§ Data for this exercise
Lemma coordsK a b : alpha_of (coords a b) = a /\ beta_of (coords a b) = b.
Proof.
have rowE : \row_j coords a b j = row_mx (mxvec a) (mxvec b) by apply/rowP => j; rewrite mxE.
by rewrite /alpha_of /beta_of rowE row_mxKl row_mxKr !mxvecK.
Qed.

Definition pmds_poly : {mpoly K[N]} := \prod_(f | good f) minor_poly f.

Lemma A_PMDS_generic : generic_set (@A_PMDS K m l s k r).
Proof.
exists (fun x => pmds_poly.@[x] != 0); split; last split.
- by exists (eq pmds_poly) => x; split=> [|[f [<-]]] //; exists pmds_poly.
- apply: exists_nonroot_prod => f f_good.
  have [a [b ab]] := good_minor_witness K l_gt0 ksE f_good.
  by exists (coords a b); rewrite minor_poly_eval; case: (coordsK a b) => -> ->.
- move=> x; rewrite rmorph_prod => /prodf_neq0 minors_neq0.
  apply: PMDS_of_good_minors => // f /minors_neq0 minor_neq0.
  by rewrite -minor_poly_eval; exact: minor_neq0.
Qed.
End Generic.

Theorem theorem17 (K : closedFieldType) (p e q : nat) (m s l k : nat)
  (r : 'I_m -> nat) :
  prime p -> p \in [pchar K] -> (forall x : K, algebraic_over_prime x) ->
  (0 < e)%N -> q = (p ^ e)%N ->
  (2 <= m)%N -> (1 <= s)%N -> (1 <= l)%N -> (forall i, 1 <= r i)%N ->
  k = (m * l - s)%N -> (l <= k)%N ->
  generic_set (@A_PMDS K m l s k r).
Proof.
move=> _ _ _ _ _ _ s_gt0 l_gt0 _ kE l_le_k.
apply: A_PMDS_generic => //; move: l_le_k l_gt0; rewrite kE; lia.
Qed.
(* Fix $\mathcal D>0$ and let $J(N,\widetilde D)$ be a twice continuously differentiable real function of $N>0$, $\widetilde D>0$. For $T>0$ consider $$\min_{N>0,\ \widetilde D\ge 2\mathcal D} J(N,\widetilde D)\quad\text{subject to}\quad N\widetilde D=T .$$ Let $I\subseteq(0,\infty)$ be an open interval and assume that for every $T\in I$ this problem has a unique minimizer $(N^\star(T),\widetilde D^\star(T))$ with $\widetilde D^\star(T)>2\mathcal D$, and that $T\mapsto (N^\star(T),\widetilde D^\star(T))$ is continuous on $I$. Writing $\mu=\log N$, $\nu=\log\widetilde D$ and $J(\mu,\nu):=J(e^\mu,e^\nu)$, assume that at every such optimum $(\mu^\star(T),\nu^\star(T))$: (1) $\partial^2 J/\partial\mu\partial\nu\le 0$; (2) $\partial^2J/\partial\mu^2>0$; (3) $\partial^2J/\partial\nu^2>0$. Then for all $T_1<T_2$ in $I$: $N^\star(T_2)>N^\star(T_1)$ and $\widetilde D^\star(T_2)>\widetilde D^\star(T_1)$.
   Context: In the paper's application, $N$ is the model size, $D$ the number of training tokens, $\widetilde D=6D+2\mathcal D$ the effective data with $\mathcal D$ the test-set size, and $J$ the two-part code length; the claim is purely analytic. *)

From Stdlib Require Import Reals.
From Coquelicot Require Import Coquelicot.
Open Scope R_scope.

Definition cont2 (F : R -> R -> R) (x y : R) : Prop :=
  continuous (fun p : R * R => F (fst p) (snd p)) (x, y).

Definition C2_on_pos_quadrant (J : R -> R -> R) : Prop :=
  exists J1 J2 J11 J12 J21 J22 : R -> R -> R,
    forall x y, 0 < x -> 0 < y ->
      is_derive (fun t => J t y) x (J1 x y) /\
      is_derive (fun t => J x t) y (J2 x y) /\
      is_derive (fun t => J1 t y) x (J11 x y) /\
      is_derive (fun t => J1 x t) y (J12 x y) /\
      is_derive (fun t => J2 t y) x (J21 x y) /\
      is_derive (fun t => J2 x t) y (J22 x y) /\
      cont2 J x y /\ cont2 J1 x y /\ cont2 J2 x y /\
      cont2 J11 x y /\ cont2 J12 x y /\ cont2 J21 x y /\ cont2 J22 x y.

Definition is_constrained_min (J : R -> R -> R) (Dc T N Dt : R) : Prop :=
  0 < N /\ 2 * Dc <= Dt /\ N * Dt = T /\
  forall N' Dt', 0 < N' -> 2 * Dc <= Dt' -> N' * Dt' = T -> J N Dt <= J N' Dt'.

Definition Jlog (J : R -> R -> R) (mu nu : R) : R := J (exp mu) (exp nu).

Definition in_open_interval (a b : Rbar) (T : R) : Prop :=
  Rbar_lt a T /\ Rbar_lt T b.

(** In log coordinates [mu = ln N], [nu = ln Dt] the constraint [N * Dt = T]
    becomes the line [mu + nu = ln T], and an optimum with [Dt > 2 Dc] is
    interior, so it is a zero of the slope [G = dJ/dmu - dJ/dnu] of [J] along
    that line.  The second-order conditions, together with the symmetry of
    the mixed partials, make [G] strictly increasing in [mu] and strictly
    decreasing in [nu] near each optimum.  Two nearby zeros of [G] with
    [mu1 + nu1 < mu2 + nu2] therefore satisfy [mu1 < mu2] and [nu1 < nu2]:
    if one coordinate did not increase, the other would, and both moves would
    change [G] in the same direction.  By continuity of the optimal path this
    gives local monotonicity in [T], and a supremum argument makes it global. *)

From Stdlib Require Import Reals Lra Classical_Prop.
From Coquelicot Require Import Coquelicot.
Open Scope R_scope.

Definition locally_increasing_on (P : R -> Prop) (f : R -> R) : Prop :=
  forall x, P x -> exists d, 0 < d /\
    forall u v, x - d < u -> u < v -> v < x + d -> P u -> P v -> f u < f v.

Lemma locally_increasing_on_lt (P : R -> Prop) (f : R -> R) lo hi :
  locally_increasing_on P f -> (forall x, lo <= x <= hi -> P x) -> lo < hi ->
  f lo < f hi.
Proof.
  intros Hloc HP Hlohi.
  set (E := fun s => lo <= s <= hi /\ forall u, lo < u <= s -> f lo < f u).
  assert (Elo : E lo) by (split; [lra | intros u Hu; lra]).
  destruct (completeness E) as [c [Hub Hlub]].
  { exists hi; intros s [Hs _]; lra. }
  { exists lo; exact Elo. }
  assert (Hc : lo <= c <= hi).
  { split; [apply Hub, Elo | apply Hlub; intros s [Hs _]; lra]. }
  destruct (Hloc c (HP c Hc)) as [d [Hd Hincr]].
  assert (Hnear : exists s, E s /\ c - d < s).
  { apply NNPP; intros Hfar.
    assert (c <= c - d); [|lra].
    apply Hlub; intros s Es; apply Rnot_lt_le; intros Hs; apply Hfar; eauto. }
  destruct Hnear as [s [[Hs Hlos] Hcs]].
  assert (Hsc : s <= c) by (apply Hub; split; assumption).
  set (w := Rmin (c + d / 2) hi).
  assert (Hw : w <= c + d / 2 /\ w <= hi) by (split; [apply Rmin_l | apply Rmin_r]).
  assert (Ew : E w).
  { split; [split; [apply Rmin_glb|]; lra|].
    intros u Hu.
    destruct (Rle_lt_dec u s) as [Hus | Hsu]; [apply Hlos; lra|].
    assert (f s < f u) by (apply Hincr; try apply HP; lra).
    destruct (Req_dec s lo) as [-> | Hslo]; [lra|].
    assert (f lo < f s) by (apply Hlos; lra).
    lra. }
  assert (Hwhi : w = hi).
  { assert (Hwc : w <= c) by (apply Hub, Ew).
    unfold w in *; destruct (Rle_lt_dec (c + d / 2) hi).
    - rewrite Rmin_left in Hwc by lra; lra.
    - apply Rmin_right; lra. }
  destruct Ew as [_ Ew]; apply Ew; lra.
Qed.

§ Required work
Show every line of the listing that includes the word "have".

§ Completed exercise
have rowE : \row_j coords a b j = row_mx (mxvec a) (mxvec b) by apply/rowP => j; rewrite mxE.
  have [a [b ab]] := good_minor_witness K l_gt0 ksE f_good.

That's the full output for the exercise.